=== Collected data ===
────────────────────

Definition transl_rank {p : nat} (v : 'I_p -> pt) : nat :=
  group_rank (side_transl v).

End OuterBilliard.

From HB Require Import structures.
From mathcomp Require Import all_boot all_order all_algebra.
From mathcomp Require Import boolp reals.
From mathcomp Require Import ring lra zify.
Set Implicit Arguments. Unset Strict Implicit. Unset Printing Implicit Defensive.
Import Order.TTheory GRing.Theory Num.Theory.
Local Open Scope ring_scope.

(** The points following a code u for n steps form a convex cell on which T^n
    is affine.  If u has two extensions, T^n sends two points of the cell into
    different regions X_a, X_a', so some point of the cell lands on a line
    through v_a and another vertex.  Hence f(n+1) <= f(n) + p N_n, where N_n
    counts the codes whose cell meets one of these p^2 lines at time n.
    On such a line, parametrised by t, distinct codes reach disjoint sets of
    parameters, and going leftwards a code can only lose the line at a zero of
    one of the affine functions t |-> orient(T^k x_t), where x_t is the n-th
    preimage of the point t along the code.  Such a zero is determined by the
    translation part of T^(n-k), a combination of the side translations with
    integer coefficients at most n.  These translations span a lattice of rank
    r, so there are O(n^r) zeros, N_n = O(n^r) and f(n) = O(n^(r+1)). *)

Section Plane.
Variable R : realType.
Implicit Types (x y w : pt R) (t : R).

Definition coord (i : bool) x : R := if i then x.2 else x.1.

Definition pshift y t w : pt R := (y.1 + t * w.1, y.2 + t * w.2).

Definition pscale t y : pt R := (t * y.1, t * y.2).

Lemma pt_coordP x y : (forall i, coord i x = coord i y) -> x = y.
Proof.
by case: x y => [x1 x2] [y1 y2] e; congr pair; [apply: e false | apply: e true].
Qed.

Lemma coord0 i : coord i (0, 0) = 0 :> R.
Proof. by case: i. Qed.

Lemma coord_psub i x y : coord i (psub x y) = coord i x - coord i y.
Proof. by case: i. Qed.

Lemma coord_prefl i x y : coord i (prefl x y) = 2 * coord i x - coord i y.
Proof. by case: i. Qed.

Lemma coord_pshift i y t w : coord i (pshift y t w) = coord i y + t * coord i w.
Proof. by case: i. Qed.

Lemma coord_pscale i t y : coord i (pscale t y) = t * coord i y.
Proof. by case: i. Qed.

Lemma prefl_inj x : injective (prefl x).
Proof.
move=> y y' /(congr1 (coord _)) e; apply: pt_coordP => i.
by have := e i; rewrite !coord_prefl; lra.
Qed.

End Plane.

Lemma gt0_affine_left (R : realFieldType) (be al t t' : R) : t < t' ->
  0 < be + t' * al -> ~~ (t <= - be / al < t') -> 0 < be + t * al.
Proof.
move=> tt' pos' nozero; case: (ltgtP al 0) => [al_lt0|al_gt0|al0]; first nra.
- rewrite ltNge; apply: contra nozero => neg.
  by rewrite ler_pdivlMr // ltr_pdivrMr //; apply/andP; split; lra.
- by move: pos'; rewrite al0 !mulr0.
Qed.

Lemma card_disjoint_left_closed (R : realDomainType) (T G : finType)
    (U : {set T}) (J : T -> R -> Prop) (cut : G -> R) :
  (forall u u' t, u \in U -> u' \in U -> J u t -> J u' t -> u = u') ->
  (forall u, u \in U -> exists t, J u t) ->
  (forall u t t', u \in U -> t < t' -> J u t' ->
     (forall g, ~~ (t <= cut g < t')) -> J u t) ->
  (#|U| <= #|G|.+1)%N.
Proof.
move=> disj nonempty left_closed.
have [pick pickP] : {pick : T -> R & forall u, u \in U -> J u (pick u)}.
  apply: (@choice T R (fun u t => u \in U -> J u t)) => u.
  by case: (boolP (u \in U)) => [/nonempty[t Jt]|_]; [exists t | exists 0].
pose below u := [set g | cut g < pick u].
have same_below u u' : u \in U -> u' \in U -> #|below u| = #|below u'| ->
    pick u < pick u' -> u = u'.
  move=> uU u'U ecard lt.
  have sub : below u \subset below u'.
    by apply/subsetP => g; rewrite !inE => /lt_trans; apply.
  have ebelow : below u = below u' by apply/eqP; rewrite eqEcard sub ecard /=.
  apply: (disj u u' (pick u) uU u'U (pickP u uU)).
  apply: (left_closed u' _ (pick u') u'U lt (pickP u' u'U)) => g.
  apply/negP => /andP[le lt'].
  have : g \in below u' by rewrite inE.
  by rewrite -ebelow inE ltNge le.
have inj : {in U &, injective (fun u => inord #|below u| : 'I_#|G|.+1)}.
  move=> u u' uU u'U /(congr1 val) /=; rewrite !inordK ?ltnS ?max_card // => e.
  case: (ltgtP (pick u) (pick u')) => [lt|lt|epick].
  - exact: same_below.
  - exact/esym/same_below.
  - by apply: (disj u u' (pick u)) => //; [apply: pickP | rewrite epick; apply: pickP].
by rewrite -[#|G|.+1]card_ord; apply: leq_card_in inj.
Qed.

Lemma card_bigcup_leq (I T : finType) (P : pred I) (F : I -> {set T}) :
  (#|\bigcup_(i | P i) F i| <= \sum_(i | P i) #|F i|)%N.
Proof.
elim/big_rec2: _ => [|i n A _ IH]; first by rewrite cards0.
exact: leq_trans (leq_card_setU _ _).1 (leq_add (leqnn _) IH).
Qed.

Lemma leq_pow_increments (g : nat -> nat) (K r : nat) :
  (forall n, g n.+1 <= g n + K * n.+1 ^ r)%N ->
  forall n, (g n <= g 0 + K * n ^ r.+1)%N.
Proof.
move=> step; elim=> [|n IH]; first by rewrite exp0n // muln0 addn0.
have pow : (n ^ r.+1 + n.+1 ^ r <= n.+1 ^ r.+1)%N.
  rewrite [X in (_ <= X)%N]expnS expnS mulSn addnC leq_add2l leq_mul2l.
  by case: (r) => [|r']; rewrite ?expn0 ?leq_exp2r ?leqnSn ?orbT.
apply: leq_trans (step n) _; apply: leq_trans (leq_add IH (leqnn _)) _.
by rewrite -addnA leq_add2l -mulnDr leq_mul2l pow orbT.
Qed.

Section Billiard.
Variables (R : realType) (p : nat) (v : 'I_p -> pt R).
Implicit Types (a b c d : 'I_p) (x y z w : pt R) (s : nat -> 'I_p) (t l : R).

Definition orient a b y : R := cross (psub (v a) y) (psub (v b) y).

Definition line_pt a b t : pt R := pshift (v a) t (psub (v b) (v a)).

Lemma orientC a b y : orient b a y = - orient a b y.
Proof. rewrite /orient /cross /=; ring. Qed.

Lemma orient_pshift c d y t w :
  orient c d (pshift y t w) = orient c d y + t * cross (psub (v d) (v c)) w.
Proof. rewrite /orient /cross /=; ring. Qed.

Lemma orient_back_line c d a b t (sg : R) y :
  orient c d (pscale sg (psub (line_pt a b t) y)) =
  orient c d (pscale sg (psub (v a) y)) +
    t * cross (psub (v d) (v c)) (pscale sg (psub (v b) (v a))).
Proof. rewrite /orient /cross /=; ring. Qed.

Lemma orient_eq0_line a b y : v a != v b -> orient a b y = 0 ->
  exists t, y = line_pt a b t.
Proof.
case: y => y1 y2; rewrite /orient /cross /line_pt /=.
case: (v a) (v b) => [a1 a2] [b1 b2] /= nab h0.
have nd : (b1 - a1) ^+ 2 + (b2 - a2) ^+ 2 != 0.
  apply: contra nab; rewrite paddr_eq0 ?sqr_ge0 // !sqrf_eq0 !subr_eq0.
  by case/andP => /eqP -> /eqP ->.
exists (((y1 - a1) * (b1 - a1) + (y2 - a2) * (b2 - a2)) /
        ((b1 - a1) ^+ 2 + (b2 - a2) ^+ 2)).
congr pair; apply: (mulIf nd); rewrite mulrDl [_ / _ * _ * _]mulrAC divfK //;
  apply/eqP; rewrite -subr_eq0; apply/eqP.
- by rewrite /= -[RHS](mulr0 (- (b2 - a2))) -h0; ring.
- by rewrite /= -[RHS](mulr0 (b1 - a1)) -h0; ring.
Qed.

Lemma inX_inj a a' y : inX v a y -> inX v a' y -> a = a'.
Proof.
move=> ha ha'; apply/eqP/negPn/negP => neq.
have h : 0 < orient a a' y by apply: ha; rewrite eq_sym.
have : 0 < orient a' a y by apply: ha'.
by rewrite orientC oppr_gt0 ltNge (ltW h).
Qed.

(* T_a z = T_a' z' means z' = z + 2 (v_a' - v_a): a shift along the line
   through v_a and v_a', which does not change the orientation of z. *)
Lemma prefl_inX_inj a a' z z' : inX v a z -> inX v a' z' ->
  prefl (v a) z = prefl (v a') z' -> a = a'.
Proof.
move=> ha ha' e; apply/eqP/negPn/negP => neq.
have ez' : z' = pshift z 2 (psub (v a') (v a)).
  apply: pt_coordP => i; move/(congr1 (coord i)): e.
  rewrite coord_pshift !coord_prefl coord_psub; lra.
have h : 0 < orient a a' z by apply: ha; rewrite eq_sym.
have flat : cross (psub (v a) (v a')) (psub (v a') (v a)) = 0.
  by rewrite /cross /=; ring.
have : 0 < orient a' a z' by apply: ha'.
by rewrite ez' orient_pshift flat mulr0 addr0 orientC oppr_gt0 ltNge (ltW h).
Qed.

Lemma eq_orb x s s' k : (forall i, (i < k)%N -> s i = s' i) ->
  orb v x s k = orb v x s' k.
Proof.
elim: k => [//|k IH] e /=.
by rewrite e // IH // => i ik; apply: e; apply: ltnW.
Qed.

Lemma orbD x s k m :
  orb v x s (k + m) = orb v (orb v x s k) (fun i => s (k + i)%N) m.
Proof. by elim: m => [|m IH]; rewrite ?addn0 // addnS /= IH. Qed.

Lemma coord_orb i x s k :
  coord i (orb v x s k) = (-1) ^+ k * coord i x + coord i (orb v (0, 0) s k).
Proof.
elim: k => [|k IH] /=; first by rewrite coord0 expr0 mul1r addr0.
by rewrite !coord_prefl IH exprS; ring.
Qed.

Lemma orb_pshift x s k t w :
  orb v (pshift x t w) s k = pshift (orb v x s k) ((-1) ^+ k * t) w.
Proof.
apply: pt_coordP => i.
by rewrite (coord_orb i (pshift x t w)) !coord_pshift (coord_orb i x); ring.
Qed.

Lemma orient_orb_seg c d x x' s k l :
  orient c d (orb v (pshift x l (psub x' x)) s k) =
  (1 - l) * orient c d (orb v x s k) + l * orient c d (orb v x' s k).
Proof.
have ex' : x' = pshift x 1 (psub x' x).
  by apply: pt_coordP => i; rewrite coord_pshift coord_psub; ring.
by rewrite [in orb v x' s k]ex' !orb_pshift !orient_pshift; ring.
Qed.

Lemma orb_back y s k m :
  orb v y s k = pscale ((-1) ^+ m)
    (psub (orb v y s (k + m)) (orb v (0, 0) (fun i => s (k + i)%N) m)).
Proof.
apply: pt_coordP => i.
by rewrite coord_pscale coord_psub orbD (coord_orb i (orb v y s k)) addrK
  mulrA -expr2 sqrr_sign mul1r.
Qed.

Lemma orb_pscale_back z s n :
  orb v (pscale ((-1) ^+ n) (psub z (orb v (0, 0) s n))) s n = z.
Proof.
apply: pt_coordP => i.
by rewrite coord_orb coord_pscale coord_psub mulrA -expr2 sqrr_sign mul1r subrK.
Qed.

Definition follows n s x := forall k, (k < n)%N -> inX v (s k) (orb v x s k).

Lemma eq_follows n s s' x : (forall k, (k < n)%N -> s k = s' k) ->
  follows n s x -> follows n s' x.
Proof.
move=> e fx k kn.
have -> : orb v x s' k = orb v x s k.
  by apply: eq_orb => i ik; rewrite e // (ltn_trans ik kn).
by rewrite -e //; apply: fx.
Qed.

Lemma follows_orb_inj n s s' x x' : follows n s x -> follows n s' x' ->
  orb v x s n = orb v x' s' n -> forall k, (k < n)%N -> s k = s' k.
Proof.
elim: n x x' => [//|n IH] x x' fx fx' /= e.
have en := prefl_inX_inj (fx n (ltnSn n)) (fx' n (ltnSn n)) e.
move: e; rewrite en => /prefl_inj e k; rewrite ltnS leq_eqVlt => /predU1P[-> //|kn].
by apply: (IH x x') => // j jn; [apply: fx | apply: fx']; apply: ltnW.
Qed.

Lemma follows_seg n s x x' l : 0 <= l <= 1 ->
  follows n s x -> follows n s x' -> follows n s (pshift x l (psub x' x)).
Proof.
move=> /andP[l0 l1] fx fx' k kn c nc.
have h : 0 < orient (s k) c (orb v x s k) by apply: fx.
have h' : 0 < orient (s k) c (orb v x' s k) by apply: fx'.
suff : 0 < orient (s k) c (orb v (pshift x l (psub x' x)) s k) by [].
rewrite orient_orb_seg; nra.
Qed.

────────────────────

=== REQUIRED ACTION ===
Retype exactly the lines of the data above that fall between the line with "through v_a and another" and the line with "Definition pscale t", inclusive, and add nothing.

=== WRITTEN RESPONSE ===
    through v_a and another vertex.  Hence f(n+1) <= f(n) + p N_n, where N_n
    counts the codes whose cell meets one of these p^2 lines at time n.
    On such a line, parametrised by t, distinct codes reach disjoint sets of
    parameters, and going leftwards a code can only lose the line at a zero of
    one of the affine functions t |-> orient(T^k x_t), where x_t is the n-th
    preimage of the point t along the code.  Such a zero is determined by the
    translation part of T^(n-k), a combination of the side translations with
    integer coefficients at most n.  These translations span a lattice of rank
    r, so there are O(n^r) zeros, N_n = O(n^r) and f(n) = O(n^(r+1)). *)

Section Plane.
Variable R : realType.
Implicit Types (x y w : pt R) (t : R).

Definition coord (i : bool) x : R := if i then x.2 else x.1.

Definition pshift y t w : pt R := (y.1 + t * w.1, y.2 + t * w.2).

Definition pscale t y : pt R := (t * y.1, t * y.2).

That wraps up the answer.